Mighty Stu, How do you Train?


Why hasn’t this thread been made earlier? The man came up with the idea of putting cottage cheese, MD and splenda together, for crying out loud!

I’ll start it off by sharing a PM Stu sent me when I asked about Front vs Back squats.

Stu’s always been a real cool dude, with a lot of useful info to share in a really accessible way, so I think that everyone could benefit from a look into how he trains.

[quote]TheMightyStu wrote:
I recall that I started doing pre-exhaust for a while, after warming up a bit, I’d try to kill my quads with extensions before going anywhere near a squat rack, and once I got there, I’d hardly ever go above 315, focusing more on slowly lowering, and explosively lifting the bar. I never really got into using the leg press machine, as I kinda saw it as a cop-out, which is kinda stupid, as I use it now while trying to refine a bit. I will say that the last year, focusing on front squats has really helped. A couple of back injuries really screwed up my leg training for about 2 years, so I’m totally self conscious about bringing them up now (I start most leg sessions with hamstrings). I’ll give you what I’ve been doing lately, and hope that gives some sort of idea what my current thinking is (everything changes, so I don’t know how long I’ll even stay with this):

-Recumbant Bike -5 mins (not for the legs, but I feel it warms up my lower back a bit)
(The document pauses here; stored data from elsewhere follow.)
Lemma window_entropy_comparison pX pY N d tau :
  (forall i, 0 <= pX i) -> (forall i, 0 <= pY i) -> 0 < d < 1 ->
  sum_f_R0 pX N = 1 -> sum_f_R0 pY N = 1 - tau ->
  sum_f_R0 (fun i => Rabs (pX i - pY i)) N = 2 * d - tau ->
  sum_f_R0 (fun i => negxlogx (pX i)) N - sum_f_R0 (fun i => negxlogx (pY i)) N <=
    sum_f_R0 (fun i => negxlogx (excess pX pY i)) N
    - sum_f_R0 (fun i => negxlogx (excess pY pX i)) N
    + (1 - d) * (- ln (1 - d)) + (d - tau) * (- ln d) /\
  sum_f_R0 (fun i => negxlogx (pY i)) N - sum_f_R0 (fun i => negxlogx (pX i)) N <=
    sum_f_R0 (fun i => negxlogx (excess pY pX i)) N
    - sum_f_R0 (fun i => negxlogx (excess pX pY i)) N
    + (1 - d) * (- ln (1 - d)) + d * (- ln d).
Proof.
  intros HXnn HYnn Hd SX SY Sabs.
  destruct (window_excess_masses pX pY N d tau SX SY Sabs) as (Sm & Ss & St).
  set (m := fun i => Rmin (pX i) (pY i)) in Sm.
  assert (Hm : forall i, 0 <= m i) by (intro i; apply Rmin_glb; auto).
  assert (EX : sum_f_R0 (fun i => negxlogx (m i + excess pX pY i)) N
                 = sum_f_R0 (fun i => negxlogx (pX i)) N)
    by (apply sum_eq; intros i _; unfold m, excess; f_equal; ring).
  assert (EY : sum_f_R0 (fun i => negxlogx (m i + excess pY pX i)) N
                 = sum_f_R0 (fun i => negxlogx (pY i)) N)
    by (apply sum_eq; intros i _; unfold m, excess; rewrite Rmin_comm; f_equal; ring).
  pose proof (sum_negxlogx_common_part_bound m (excess pX pY) (excess pY pX) N (1 - d) d Hm
                (fun i => proj1 (proj1 (excess_facts pX pY i)))
                (fun i => proj1 (proj1 (excess_facts pY pX i))) ltac:(lra) ltac:(lra) ltac:(lra)) as HXY.
  pose proof (sum_negxlogx_common_part_bound m (excess pY pX) (excess pX pY) N (1 - d) d Hm
                (fun i => proj1 (proj1 (excess_facts pY pX i)))
                (fun i => proj1 (proj1 (excess_facts pX pY i))) ltac:(lra) ltac:(lra) ltac:(lra)) as HYX.
  rewrite EX, EY, St, Sm in HXY. rewrite EX, EY, Ss, Sm in HYX. split; lra.
Qed.

(* HY is any number squeezed between the window
   entropy of Y plus the least and the largest possible tail contributions. *)
Lemma window_entropy_gap (pX pY : nat -> R) (N : nat) (e d tau eta4 HY : R) :
  0 < e -> 0 < d < 1 -> 0 <= tau <= e -> 0 <= eta4 ->
  (forall i, 0 <= pX i) -> (forall i, 0 <= pY i) -> pX 0%nat = 0 -> pY 0%nat = 0 ->
  dloc_le pX pY e ->
  sum_f_R0 pX N = 1 -> sum_f_R0 pY N = 1 - tau ->
  sum_f_R0 (fun i => Rabs (pX i - pY i)) N = 2 * d - tau ->
  sum_f_R0 (fun i => negxlogx (pY i)) N + tau * (- ln e) <= HY ->
  HY <= sum_f_R0 (fun i => negxlogx (pY i)) N + eta4 ->
  0 < INR (S N) * e / d - 1 /\
  Rabs (sum_f_R0 (fun i => negxlogx (pX i)) N - HY) <=
    d * ln (INR (S N) * e / d - 1) + h d + eta4.
Proof.
  intros He Hd Htau Heta4 HXnn HYnn HX0 HY0 Hloc SX SY Sabs HYlo HYhi.
  destruct (window_entropy_comparison pX pY N d tau HXnn HYnn Hd SX SY Sabs) as [HXY HYX].
  destruct (window_excess_masses pX pY N d tau SX SY Sabs) as (_ & Ss & St).
  set (s := excess pX pY) in *. set (t := excess pY pX) in *.
  assert (Hbound : forall u v i, dloc_le u v e -> 0 <= excess u v i <= e)
    by (intros u v i Huv; pose proof (excess_facts u v i); pose proof (Huv i); lra).
  assert (Hs : forall i, 0 <= s i <= e) by (intro i; now apply Hbound).
  assert (Ht : forall i, 0 <= t i <= e).
  { intro i. apply Hbound. intro j. rewrite <- Rabs_Ropp, Ropp_minus_distr. apply Hloc. }
  assert (Hs0 : s 0%nat = 0) by (unfold s, excess; rewrite HX0, HY0, Rmin_left; lra).
  assert (Ht0 : t 0%nat = 0) by (unfold t, excess; rewrite HX0, HY0, Rmin_left; lra).
  assert (Hdisj : forall i, s i = 0 \/ t i = 0) by (intro i; apply (excess_facts pX pY i)).
  assert (Hd0 : 0 < d) by lra.
  pose proof (excess_ratio_pos s t N e d tau He Hd0 Htau Hs Ht Hs0 Ht0 Hdisj Ss St) as HK.
  pose proof (excess_s_entropy s t N e d tau He Hd0 Htau Hs Ht Hs0 Ht0 Hdisj Ss St) as Hsent.
  pose proof (excess_t_entropy s t N e d tau He Hd0 Htau Hs Ht Hs0 Ht0 Hdisj Ss St) as Htent.
  pose proof (sum_negxlogx_ge_linear s N e Hs He) as Hslow.
  pose proof (sum_negxlogx_ge_linear t N e Ht He) as Htlow.
  rewrite Ss in Hslow. rewrite St in Htlow.
  assert (Htau1 : tau <= 1) by (pose proof (cond_pos_sum pY N HYnn); lra).
  pose proof (negxlogx_nonneg tau ltac:(lra)) as Htau_ent.
  assert (Hlnd : tau * ln d <= 0).
  { assert (ln d <= 0) by (rewrite <- ln_1; apply ln_le; lra). nra. }
  assert (Hh : h d = d * (- ln d) + (1 - d) * (- ln (1 - d))) by (unfold h, negxlogx; ring).
  split; [exact HK |]. apply Rabs_le. split; lra.
Qed.

Lemma Un_cv_const c : Un_cv (fun _ => c) c.
Proof. intros eps Heps. exists 0%nat. intros n _. unfold R_dist. rewrite Rminus_diag, Rabs_R0. lra. Qed.

Lemma infinite_sum_finite_support f N : (forall i, (N < i)%nat -> f i = 0) ->
  infinite_sum f (sum_f_R0 f N).
Proof.
  intros Hf.
  assert (Hconst : forall n, (N <= n)%nat -> sum_f_R0 f n = sum_f_R0 f N).
  { intros n Hn. induction Hn as [| n Hn IH]; [reflexivity |].
    rewrite tech5, IH, Hf by lia. ring. }
  intros eps Heps. exists N. intros n Hn. unfold R_dist.
  rewrite Hconst, Rminus_diag, Rabs_R0 by lia. exact Heps.
Qed.

Lemma infinite_sum_eventually_proportional a y N c L : infinite_sum y L ->
  (forall i, (N < i)%nat -> a i = c * y i) ->
  infinite_sum a (sum_f_R0 (fun i => a i - c * y i) N + c * L).
Proof.
  intros Hy Ha.
  pose proof (infinite_sum_finite_support (fun i => a i - c * y i) N
                ltac:(intros i Hi; cbv beta; rewrite Ha by exact Hi; ring)) as Hhead.
  pose proof (CV_plus _ _ _ _ Hhead (CV_mult _ _ _ _ (Un_cv_const c) Hy)) as Hsum.
  refine (Un_cv_ext _ _ _ _ Hsum). intro n. cbv beta.
  rewrite scal_sum, <- plus_sum. apply sum_eq. intros i _. ring.
Qed.

Lemma infinite_sum_le f g F G : (forall i, f i <= g i) ->
  infinite_sum f F -> infinite_sum g G -> F <= G.
Proof.
  intros Hfg Hf Hg. exact (Rle_cv_lim (fun n => sum_Rle f g n (fun i _ => Hfg i)) Hf Hg).
Qed.

Lemma infinite_sum_tail_lower f y N c F L : infinite_sum f F -> infinite_sum y L ->
  (forall i, (N < i)%nat -> c * y i <= f i) ->
  sum_f_R0 f N + c * (L - sum_f_R0 y N) <= F.
Proof.
  intros Hf Hy Htail.
  set (g := fun i => if (i <=? N)%nat then f i else c * y i).
  assert (Hg : infinite_sum g (sum_f_R0 (fun i => g i - c * y i) N + c * L)).
  { apply infinite_sum_eventually_proportional; [exact Hy |].
    intros i Hi. unfold g. destruct (Nat.leb_spec i N); [lia | reflexivity]. }
  assert (Hhead : sum_f_R0 (fun i => g i - c * y i) N = sum_f_R0 f N - c * sum_f_R0 y N).
  { rewrite scal_sum, <- minus_sum. apply sum_eq. intros i Hi. unfold g.
    destruct (Nat.leb_spec i N); [ring | lia]. }
  assert (Hgf : forall i, g i <= f i).
  { intro i. unfold g. destruct (Nat.leb_spec i N); [lra | apply Htail; lia]. }
  pose proof (infinite_sum_le g f _ _ Hgf Hg Hf). lra.
Qed.

Lemma partial_sums_growing f : (forall i, 0 <= f i) -> Un_growing (fun n => sum_f_R0 f n).
Proof. intros Hf n. rewrite tech5. pose proof (Hf (S n)). lra. Qed.

Lemma partial_sums_le_window_tail f N c : (forall i, 0 <= f i) -> tail_sum_le f (S N) c ->
  forall n, sum_f_R0 f n <= sum_f_R0 f N + c.
Proof.
  intros Hf Htail n. destruct (Nat.le_gt_cases n N) as [Hle | Hgt].
  - pose proof (growing_prop _ N n (partial_sums_growing f Hf) Hle).
    assert (0 <= c) by (apply Rle_trans with (2 := Htail 0%nat); apply cond_pos_sum; auto).
    lra.
  - rewrite (tech2 f N n Hgt). pose proof (Htail (n - S N)%nat). lra.
Qed.

Lemma pmf_le_1 p : is_pmf p -> forall i, p i <= 1.
Proof.
  intros (_ & Hnn & Hsum) i.
  pose proof (growing_ineq _ _ (partial_sums_growing p Hnn) Hsum i) as Hpartial.
  destruct i as [| i]; [simpl in *; lra |].
  rewrite tech5 in Hpartial. pose proof (cond_pos_sum p i Hnn). lra.
Qed.

Lemma pmf_window_mass p N c : is_pmf p -> tail_sum_le p (S N) c ->
  0 <= 1 - sum_f_R0 p N <= c.
Proof.
  intros (_ & Hnn & Hsum) Htail. split.
  - pose proof (growing_ineq _ _ (partial_sums_growing p Hnn) Hsum N). lra.
  - pose proof (Rle_cv_lim (partial_sums_le_window_tail p N c Hnn Htail) Hsum
                  (Un_cv_const (sum_f_R0 p N + c))). lra.
Qed.

Lemma pmf_finite_support_mass p N : is_pmf p -> (forall i, (N < i)%nat -> p i = 0) ->
  sum_f_R0 p N = 1.
Proof.
  intros (_ & _ & Hsum) Hsupp.
  exact (uniqueness_sum _ _ _ (infinite_sum_finite_support p N Hsupp) Hsum).
Qed.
-Front squats, usually 3 warms ups starting with an empty bar, and touching my calves to my ass if I can, then 2 sets with 135, and then either staying with 245 for about 5 sets of 8-12, or some days, I’ve gone as heavy as 275, and done lower reps just for variety sake.
-Leg sled with heels together/toes pointed out a bit, focusing on more of a partial movement, and heavy weights. I’m trying to add to my leg sweep a bit, as my quads seem a little narrow when viewed head on.
-Stiff leg deads, usually with dumbells (I feel a better stretch with them). I shorten the movement to the lower part, hoping to prevent my back from assisting, I basically move the weights from the floor (yes, I can touch the floor -lol), to about my knee level, almost getting a pumping/time under tension effect.
-1 leg hamstring curls. I think toov many folks go for the 2 leg variety, and use their entire body to jerk the weight up.
-Glute-Ham raises facing away on a pulldown machine - totally killer exercise, to which I will admit to holding a broom stick with one hand to assist when I actually have to reverse my body and raise my body with my hamstrings.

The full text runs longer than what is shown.